Семёныч помедлил у двери — уходить не собирался.
— Палваслич. Я завтра в правлении весь день буду. Если что — у меня в углу табурет свой, я тебе не помешаю.
— Не помешаешь. Садись, где привык.
Семёныч не уточнял. У него с понедельника после Чернобыля был один особенный режим присутствия в правлении: он садился на табурет у двери в дни, когда мне нужно было, чтобы рядом был кто-то свой, без слов. В двадцать первом году это был его раз; в апреле восемьдесят шестого — второй; сегодня — третий за восемь месяцев. И всякий раз я не просил; он сам понимал.
Я не стал ему возражать.
К шести вечера во вторник я выключил лампу и пошёл домой.
Валентина была на кухне: картофель на сковороде, чай вечерний.
— Завтра, значит. — Она не обернулась, узнала меня по шагам. — Я думала, ты сегодня до ночи в правлении просидишь.
— Сегодня пришёл вовремя. До ночи буду завтра — когда закон уже выйдет.
— Тогда завтра ужин оставлю на плите, под крышкой. И не геройствуй там — поешь.
— Поем, Валь. Обещаю.
После ужина я сел не сразу. Прошёл в кабинет, открыл блокнот. На новой странице записал три строки:
19 ноября, среда. Газеты. Радио. Телевизор в правлении. Деревня — соберётся.
Закрыл.
Девятнадцатого ноября я был в правлении в семь утра.

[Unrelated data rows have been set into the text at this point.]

(* Let $G$ be a topological groupoid such that $G^{(0)}$ is locally compact and $r\colon G\to G^{(0)}$ is open. Suppose that $(r,s)(G)$ is locally closed in $G^{(0)}\times G^{(0)}$. Then the orbit space $G^{(0)}/G$ (with the quotient topology) is locally compact. Furthermore, (a) if $G^{(0)}$ is $\sigma$-compact, then $G^{(0)}/G$ is $\sigma$-compact; (b) if $(r,s)(G)$ is closed (for instance if $G$ is proper), then $G^{(0)}/G$ is Hausdorff.
   Context: Compact: quasi-compact (every open cover has a finite subcover) and Hausdorff; locally compact: every point has a compact neighbourhood (not necessarily Hausdorff); $\sigma$-compact: countable union of compact subsets. A subset is locally closed if it is the intersection of an open and a closed set. $G$ is proper if $(r,s)\colon G\to G^{(0)}\times G^{(0)}$ is closed with quasi-compact fibres. *)

From HB Require Import structures.
From mathcomp Require Import all_boot all_order all_algebra.
From mathcomp Require Import all_classical all_reals all_analysis.
From mathcomp Require Import generic_quotient.
Set Implicit Arguments. Unset Strict Implicit. Unset Printing Implicit Defensive.
Local Open Scope classical_set_scope.

(* A topological groupoid: arrow space G, unit space X (= G^(0)), range r,
   source s, unit inclusion u, partial multiplication mul (meaningful on
   composable pairs s g = r h), inversion inv. *)
Record top_groupoid (G X : topologicalType) := TopGroupoid {
  gr : G -> X;
  gs : G -> X;
  gu : X -> G;
  gmul : G -> G -> G;
  ginv : G -> G;
  gr_u : forall x, gr (gu x) = x;
  gs_u : forall x, gs (gu x) = x;
  gr_mul : forall g h, gs g = gr h -> gr (gmul g h) = gr g;
  gs_mul : forall g h, gs g = gr h -> gs (gmul g h) = gs h;
  gmulA : forall g h k, gs g = gr h -> gs h = gr k ->
    gmul (gmul g h) k = gmul g (gmul h k);
  gmul_ul : forall g, gmul (gu (gr g)) g = g;
  gmul_ur : forall g, gmul g (gu (gs g)) = g;
  gr_inv : forall g, gr (ginv g) = gs g;
  gs_inv : forall g, gs (ginv g) = gr g;
  gmulV : forall g, gmul g (ginv g) = gu (gr g);
  gmulVl : forall g, gmul (ginv g) g = gu (gs g);
  gr_cont : continuous gr;
  gs_cont : continuous gs;
  gu_cont : continuous gu;
  ginv_cont : continuous ginv;
  gmul_cont : {within [set p : G * G | gs p.1 = gr p.2],
                continuous (fun p : G * G => gmul p.1 p.2)}
}.

Local Open Scope quotient_scope.
Section orbits.
Context {G X : topologicalType} (Gd : top_groupoid G X).

Definition orbit_relP (x y : X) : Prop := exists g, gr Gd g = x /\ gs Gd g = y.
Definition orbit_rel_b (x y : X) : bool := `[< orbit_relP x y >].

Lemma orbit_rel_refl : reflexive orbit_rel_b.
Proof. by move=> x; apply/asboolP; exists (gu Gd x); rewrite gr_u gs_u. Qed.

Lemma orbit_rel_sym : symmetric orbit_rel_b.
Proof.
have H x y : orbit_rel_b x y -> orbit_rel_b y x.
  move=> /asboolP [g [<- <-]]; apply/asboolP; exists (ginv Gd g).
  by rewrite gr_inv gs_inv.
by move=> x y; apply/idP/idP; exact: H.
Qed.

Lemma orbit_rel_trans : transitive orbit_rel_b.
Proof.
move=> y x z /asboolP [g [<- e1]] /asboolP [h [e2 <-]]; apply/asboolP.
have c : gs Gd g = gr Gd h by rewrite e1 e2.
by exists (gmul Gd g h); rewrite gr_mul // gs_mul.
Qed.

Definition orbit_rel : equiv_rel X :=
  EquivRel orbit_rel_b orbit_rel_refl orbit_rel_sym orbit_rel_trans.

Definition orbit_space : topologicalType :=
  quotient_topology {eq_quot orbit_rel}.

Definition rs_image : set (X * X) := range (fun g => (gr Gd g, gs Gd g)).
End orbits.

Definition open_map (A B : topologicalType) (f : A -> B) :=
  forall U : set A, open U -> open (f @` U).

(* compact = quasi-compact and Hausdorff (in the subspace topology) *)
Definition pcompact (T : topologicalType) (K : set T) :=
  compact K /\
  forall x y, K x -> K y -> x <> y ->
    exists U V : set T, [/\ open U, open V, U x, V y & U `&` V = set0].

Definition plocally_compact (T : topologicalType) :=
  forall x : T, exists K : set T, nbhs x K /\ pcompact K.

Definition psigma_compact (T : topologicalType) :=
  exists K : nat -> set T, (forall n, pcompact (K n)) /\ \bigcup_n K n = setT.

Definition locally_closed (T : topologicalType) (A : set T) :=
  exists U C : set T, [/\ open U, closed C & A = U `&` C].

(* The quotient map q : X -> X/G is open because r is: the saturation
   q^-1(q U) of an open U is r(s^-1 U).  Write (r,s)(G) = U ∩ C with U open and
   C closed.  If (a,b) lies outside C, a product neighbourhood A × B of (a,b)
   misses C, so no arrow joins A to B and q(A°), q(B°) are disjoint open sets.
   Since (x,x) ∈ U, every x has a compact Hausdorff neighbourhood L with
   L × L ⊆ U; two points of L in different orbits are then outside C, so q(L)
   is a compact Hausdorff neighbourhood of q x.  If X is σ-compact, each
   q(K_n) is covered by finitely many such neighbourhoods, giving countably
   many in total.  If (r,s)(G) is closed, take C = (r,s)(G) to separate any
   two orbits. *)

From HB Require Import structures.
From mathcomp Require Import all_boot all_order all_algebra.
From mathcomp Require Import all_classical all_reals all_analysis.
From mathcomp Require Import generic_quotient finmap.
Set Implicit Arguments.
Unset Strict Implicit.
Unset Printing Implicit Defensive.
Local Open Scope classical_set_scope.

Definition open_separated (T : topologicalType) (x y : T) :=
  exists U V : set T, [/\ open U, open V, U x, V y & U `&` V = set0].

(* [compact_cover] is only available in pointed spaces; any point of a
   nonempty compact set makes the space pointed. *)
Definition pointed_copy {T : Type} (t0 : T) : Type := T.

Section pointed_copy.
Context {T : topologicalType} (t0 : T).
HB.instance Definition _ := Topological.copy (pointed_copy t0) T.
HB.instance Definition _ := isPointed.Build (pointed_copy t0) t0.
End pointed_copy.

Lemma compact_cover_compact (T : topologicalType) (A : set T) :
  compact A -> cover_compact A.
Proof.
have [[t0 _]|A0] := pselect (A !=set0).
  by rewrite -[compact A]/(@compact (pointed_copy t0) A) compact_cover.
move=> _ I D f _ _; exists fset0 => // x Ax.
by exfalso; apply: A0; exists x.
Qed.

Lemma compact_separated_nbhs (T : topologicalType) (x : T) (F : set T) :
  compact F -> (forall y, F y -> open_separated x y) ->
  exists U V : set T, [/\ nbhs x U, open V, F `<=` V & U `&` V = set0].
Proof.
move=> cF sepF.
have sepUV y : exists UV : set T * set T, F y ->
    [/\ open UV.1, open UV.2, UV.1 x, UV.2 y & UV.1 `&` UV.2 = set0].
  have [Fy|nFy] := pselect (F y); last by exists (setT, setT).
  by have [U [V sepUV]] := sepF y Fy; exists (U, V).
have [UV UVP] := choice sepUV.
have [D DF FD] : finite_subset_cover F (fun y => (UV y).2) F.
  apply: compact_cover_compact => // [y /UVP[]//|y Fy].
  by exists y => //; case: (UVP y Fy).
have DF' y : y \in D -> F y by move=> /DF /set_mem.
exists (\bigcap_(y in [set` D]) (UV y).1), (\bigcup_(y in [set` D]) (UV y).2).
split => //.
- by apply: filter_bigI => y /DF'/UVP[oU _ Ux _ _]; exact: open_nbhs_nbhs.
- by apply: bigcup_open => y /DF'/UVP[].
apply/seteqP; split => // z [Uz [y Dy Vz]].
by case: (UVP y (DF' y Dy)) => _ _ _ _ <-; split => //; exact: Uz.
Qed.

Lemma pcompact_closedI (T : topologicalType) (K C : set T) :
  pcompact K -> closed C -> pcompact (K `&` C).
Proof.
move=> [cK sepK] cC; split; first exact: compact_closedI.
by move=> x y [Kx _] [Ky _]; exact: sepK.
Qed.

Lemma pcompact_nbhs_subset (T : topologicalType) (x : T) (K W : set T) :
  pcompact K -> nbhs x K -> nbhs x W ->
  exists L, [/\ nbhs x L, pcompact L & L `<=` W].
Proof.
move=> pK xK xW; have [cK sepK] := pK.
pose I := K° `&` W°.
have oI : open I by apply: openI; exact: open_interior.
have [U [V [xU oV KIV UV0]]] : exists U V : set T,
    [/\ nbhs x U, open V, K `&` ~` I `<=` V & U `&` V = set0].
  apply: compact_separated_nbhs.
    by apply: compact_closedI; rewrite ?closedC.
  move=> y [Ky nIy]; apply: sepK => //; first exact: nbhs_singleton.
  by move=> xy; apply: nIy; rewrite -xy.
exists (K `&` ~` V); split.
- apply: filterS (filterI (nbhs_interior xK) xU) => z [Kz Uz]; split.
    exact: interior_subset.
  by move=> Vz; suff : (U `&` V) z by rewrite UV0.
- by apply: pcompact_closedI => //; rewrite closedC.
- move=> z [Kz nVz]; have [[_ Wz]|nIz] := pselect (I z).
    exact: interior_subset.
  by exfalso; apply: nVz; apply: KIV.
Qed.

Lemma open_map_nbhs (T U : topologicalType) (f : T -> U) (x : T) (L : set T) :
  open_map f -> nbhs x L -> nbhs (f x) (f @` L).
Proof.
move=> fo xL; apply: (@filterS _ _ _ (f @` L°)).
  by apply: image_subset; exact: interior_subset.
by apply: open_nbhs_nbhs; split; [apply: fo; exact: open_interior|exists x].
Qed.

Definition sigma_compact (T : topologicalType) :=
  exists K : nat -> set T, (forall n, compact (K n)) /\ \bigcup_n K n = setT.

Lemma psigma_compact_sigma (T : topologicalType) :
  psigma_compact T -> sigma_compact T.
Proof. by move=> [K [pK KT]]; exists K; split => // n; case: (pK n). Qed.

Lemma sigma_compact_image (T U : topologicalType) (f : T -> U) :
  continuous f -> range f = setT -> sigma_compact T -> sigma_compact U.
Proof.
move=> fc fT [K [cK KT]]; exists (fun n => f @` K n); split => [n|].
  by apply: continuous_compact => //; exact: continuous_subspaceT.
by rewrite -image_bigcup KT.
Qed.

Lemma countable_pcompact_cover_psigma (T : topologicalType) (I : countType)
    (K : I -> set T) :
  (forall i, pcompact (K i)) -> \bigcup_i K i = setT -> psigma_compact T.
Proof.
move=> pK KT.
exists (fun n => if choice.unpickle n is Some i then K i else set0).
split => [n|].
  by case: (choice.unpickle n) => [i|]; [exact: pK|split; [exact: compact0|]].
apply/seteqP; split => // y _; have [i _ Kiy] : (\bigcup_i K i) y by rewrite KT.
by exists (choice.pickle i) => //; rewrite choice.pickleK.
Qed.

Lemma plocally_sigma_compact_psigma (T : topologicalType) :
  plocally_compact T -> sigma_compact T -> psigma_compact T.
Proof.
move=> lcT [C [cC CT]]; have [Kz KzP] := choice lcT.
have coverC n :
    exists D : {fset T}, C n `<=` cover [set` D] (fun z => (Kz z)°).
  have Kz_open z : setT z -> open (Kz z)° by move=> _; exact: open_interior.
  have Kz_cover : C n `<=` cover setT (fun z => (Kz z)°).
    move=> y _; exists y => //.
    by apply: nbhs_singleton; apply: nbhs_interior; case: (KzP y).
  by have [D _ CD] := compact_cover_compact (cC n) Kz_open Kz_cover; exists D.
have [D DP] := choice coverC.
apply: (@countable_pcompact_cover_psigma _ {n : nat & D n}
  (fun i => Kz (val (tagged i)))) => [i|].
  by case: (KzP (val (tagged i))).
apply/seteqP; split => // y _; have [n _ Cny] : (\bigcup_n C n) y by rewrite CT.
have [z /= Dz Kzy] := DP n y Cny.
by exists (Tagged (fun n => D n) [` Dz]%fset) => //; exact: interior_subset.
Qed.

Lemma open_separated_hausdorff (T : topologicalType) :
  (forall x y : T, x != y -> open_separated x y) -> hausdorff_space T.
Proof.
move=> sepT; rewrite open_hausdorff => x y /sepT [U [V [oU oV Ux Vy UV0]]].
by exists (U, V); rewrite /= ?in_setE ?UV0.
Qed.

Local Open Scope quotient_scope.

Section orbit_space.
Context {G X : topologicalType} (Gd : top_groupoid G X).

Definition orbit_map : X -> orbit_space Gd := \pi_(orbit_space Gd).

Lemma orbit_map_eq (a b : X) :
  orbit_map a = orbit_map b <-> orbit_relP Gd a b.
Proof.
rewrite -[orbit_map a = _]/(a = b %[mod {eq_quot orbit_rel Gd}]).
by split => [/eqquotP/asboolP //|ab]; apply/eqquotP/asboolP.
Qed.

Lemma orbit_reprK : cancel repr orbit_map.
Proof. exact: reprK. Qed.

Lemma orbit_map_continuous : continuous orbit_map.
Proof. exact: pi_continuous. Qed.

Lemma orbit_map_range : range orbit_map = setT.
Proof.
by apply/seteqP; split => // z _; exists (repr z); rewrite ?orbit_reprK.
Qed.

Lemma rs_image_diag (x : X) : rs_image Gd (x, x).
Proof. by exists (gu Gd x); rewrite //= gr_u gs_u. Qed.

Lemma orbit_saturation (U : set X) :
  orbit_map @^-1` (orbit_map @` U) = gr Gd @` (gs Gd @^-1` U).
Proof.
apply/seteqP; split => x /=.
  case=> y Uy /orbit_map_eq [g [gy gx]]; exists (ginv Gd g) => /=.
    by rewrite gs_inv gy.
  by rewrite gr_inv.
case=> g /= Ugs <-; exists (gs Gd g) => //; apply/orbit_map_eq.
by exists (ginv Gd g); rewrite gr_inv gs_inv.
Qed.

Lemma orbit_map_open : open_map (gr Gd) -> open_map orbit_map.
Proof.
move=> r_open U oU.
rewrite /open /= /quotient_open -[\pi_ _ @^-1` _]/(orbit_map @^-1` _).
rewrite orbit_saturation; apply: r_open.
by move/continuousP: (@gs_cont _ _ Gd); apply.
Qed.

Lemma orbit_space_psigma_compact :
  plocally_compact (orbit_space Gd) -> psigma_compact X ->
  psigma_compact (orbit_space Gd).
Proof.
move=> lcQ /psigma_compact_sigma sX; apply: plocally_sigma_compact_psigma => //.
exact: sigma_compact_image orbit_map_continuous orbit_map_range sX.
Qed.

Section open_range.
Hypothesis r_open : open_map (gr Gd).

Lemma orbit_map_separated (C : set (X * X)) (a b : X) :
  closed C -> rs_image Gd `<=` C -> ~ C (a, b) ->
  open_separated (orbit_map a) (orbit_map b).
Proof.
move=> cC rsC nCab.
have [[A B] /= [aA bB] ABC] : nbhs (a, b) (~` C).
  by apply: open_nbhs_nbhs; split; rewrite ?openC.
exists (orbit_map @` A°), (orbit_map @` B°); split.
- by apply: orbit_map_open => //; exact: open_interior.
- by apply: orbit_map_open => //; exact: open_interior.
- by exists a => //; exact: nbhs_interior.
- by exists b => //; exact: nbhs_interior.
apply/seteqP; split => // _ [[a' Aa' <-] [b' Bb' /esym/orbit_map_eq]].
move=> [g [ga' gb']].
have : C (a', b') by apply: rsC; exists g; rewrite //= ga' gb'.
by apply: ABC; split; exact: interior_subset.
Qed.

Lemma orbit_space_plocally_compact :
  plocally_compact X -> locally_closed (rs_image Gd) ->
  plocally_compact (orbit_space Gd).
Proof.
move=> lcX [U [C [oU cC rsUC]]] z; pose x := repr z.
have rsC : rs_image Gd `<=` C by rewrite rsUC => ? [].
have [[A B] /= [xA xB] ABU] : nbhs (x, x) U.
  apply: open_nbhs_nbhs; split => //.
  by have := rs_image_diag x; rewrite rsUC => -[].
have [K [xK pK]] := lcX x.
have [L [xL [cL _] LAB]] := pcompact_nbhs_subset pK xK (filterI xA xB).
exists (orbit_map @` L); split.
  by have := open_map_nbhs (orbit_map_open r_open) xL; rewrite /x orbit_reprK.
split.
  apply: continuous_compact => //; apply: continuous_subspaceT.
  exact: orbit_map_continuous.
move=> _ _ [a La <-] [b Lb <-] ab; apply: (orbit_map_separated cC rsC) => Cab.
have [g _ [ga gb]] : rs_image Gd (a, b).
  rewrite rsUC; split => //; apply: ABU.
  by split; [case: (LAB a La)|case: (LAB b Lb)].
by apply: ab; apply/orbit_map_eq; exists g.
Qed.

Lemma orbit_space_hausdorff :
  closed (rs_image Gd) -> hausdorff_space (orbit_space Gd).
Proof.
move=> cR; apply: open_separated_hausdorff => z w zw.
rewrite -(orbit_reprK z) -(orbit_reprK w).
apply: (orbit_map_separated cR (@subset_refl _ _)) => -[g _ [gz gw]].
move/eqP: zw; apply; rewrite -(orbit_reprK z) -(orbit_reprK w).
by apply/orbit_map_eq; exists g.
Qed.
End open_range.
End orbit_space.

Theorem proposition2p12 (G X : topologicalType) (Gd : top_groupoid G X) :
  plocally_compact X ->
  open_map (gr Gd) ->
  locally_closed (rs_image Gd) ->
  [/\ plocally_compact (orbit_space Gd),
      (psigma_compact X -> psigma_compact (orbit_space Gd)) &
      (closed (rs_image Gd) -> hausdorff_space (orbit_space Gd))].
Proof.
move=> lcX r_open rs_lc.
have lcQ := orbit_space_plocally_compact r_open lcX rs_lc.
split => //; first exact: orbit_space_psigma_compact.
exact: orbit_space_hausdorff.
Qed.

Лампа не горела; за окном начинало светлеть, серое ноябрьское утро. Я открыл шторы, посмотрел в сторону клуба. У клуба ещё никого не было; обычный рабочий день, с восьми все по своим местам.
«Известия» утром привезли в восемь сорок. Я их забрал у тёти Веры, не разговаривая.
Первая полоса.
«О ВНЕСЕНИИ ИЗМЕНЕНИЙ И ДОПОЛНЕНИЙ В НЕКОТОРЫЕ ЗАКОНОДАТЕЛЬНЫЕ АКТЫ СССР ОБ ИНДИВИДУАЛЬНОЙ ТРУДОВОЙ ДЕЯТЕЛЬНОСТИ» — заголовок. Подзаголовок: «Заседание Верховного Совета СССР 19 ноября 1986 года».
Под заголовком — текст. Не весь закон; передовица, объясняющая. Закон в полном объёме — на третьей и четвёртой полосах, мелким шрифтом, с заголовками статей. Я читал по диагонали; знал, что будет.
Стандартная советская риторика: «учитывая возросшие потребности», «руководствуясь решениями XXVII съезда», «в целях развития». Под этой риторикой содержание: разрешение видов индивидуальной трудовой деятельности в кустарно-ремесленных промыслах, в бытовом обслуживании, в социально-культурной сфере. Ограничения: запрет применения наёмного труда (для индивидуала), требование наличия патента или регистрационного удостоверения, требование уплаты подоходного налога.
Статьи о «коллективной форме» — артелях и группах ИТД — были включены отдельным разделом. Их я прочёл внимательно. Зинаида со мной всё это уже разбирала в октябре; сейчас я сверял с памятью.
Артели разрешались с уточнением: «при условии регистрации в исполкоме местного Совета народных депутатов». Это и было моё окно. Райисполком в Сухоруковском районе (Сухоруков до пятницы прошлой недели был всё ещё председателем райисполкома, и формально его сменщик ещё не вступал в полные права) оставался для меня дружественной структурой. К декабрю при правильном телефонном звонке от Корытина регистрация была реальной.
Я закрыл газету.
К девяти в правлении начали подтягиваться люди. Не для собрания — для обычной планёрки, как в любой среду. Я её отменять не стал; не для того, чтобы делать вид, что сегодня обычный день, а потому что Закон в моём личном плане работы был рабочим документом, не праздником.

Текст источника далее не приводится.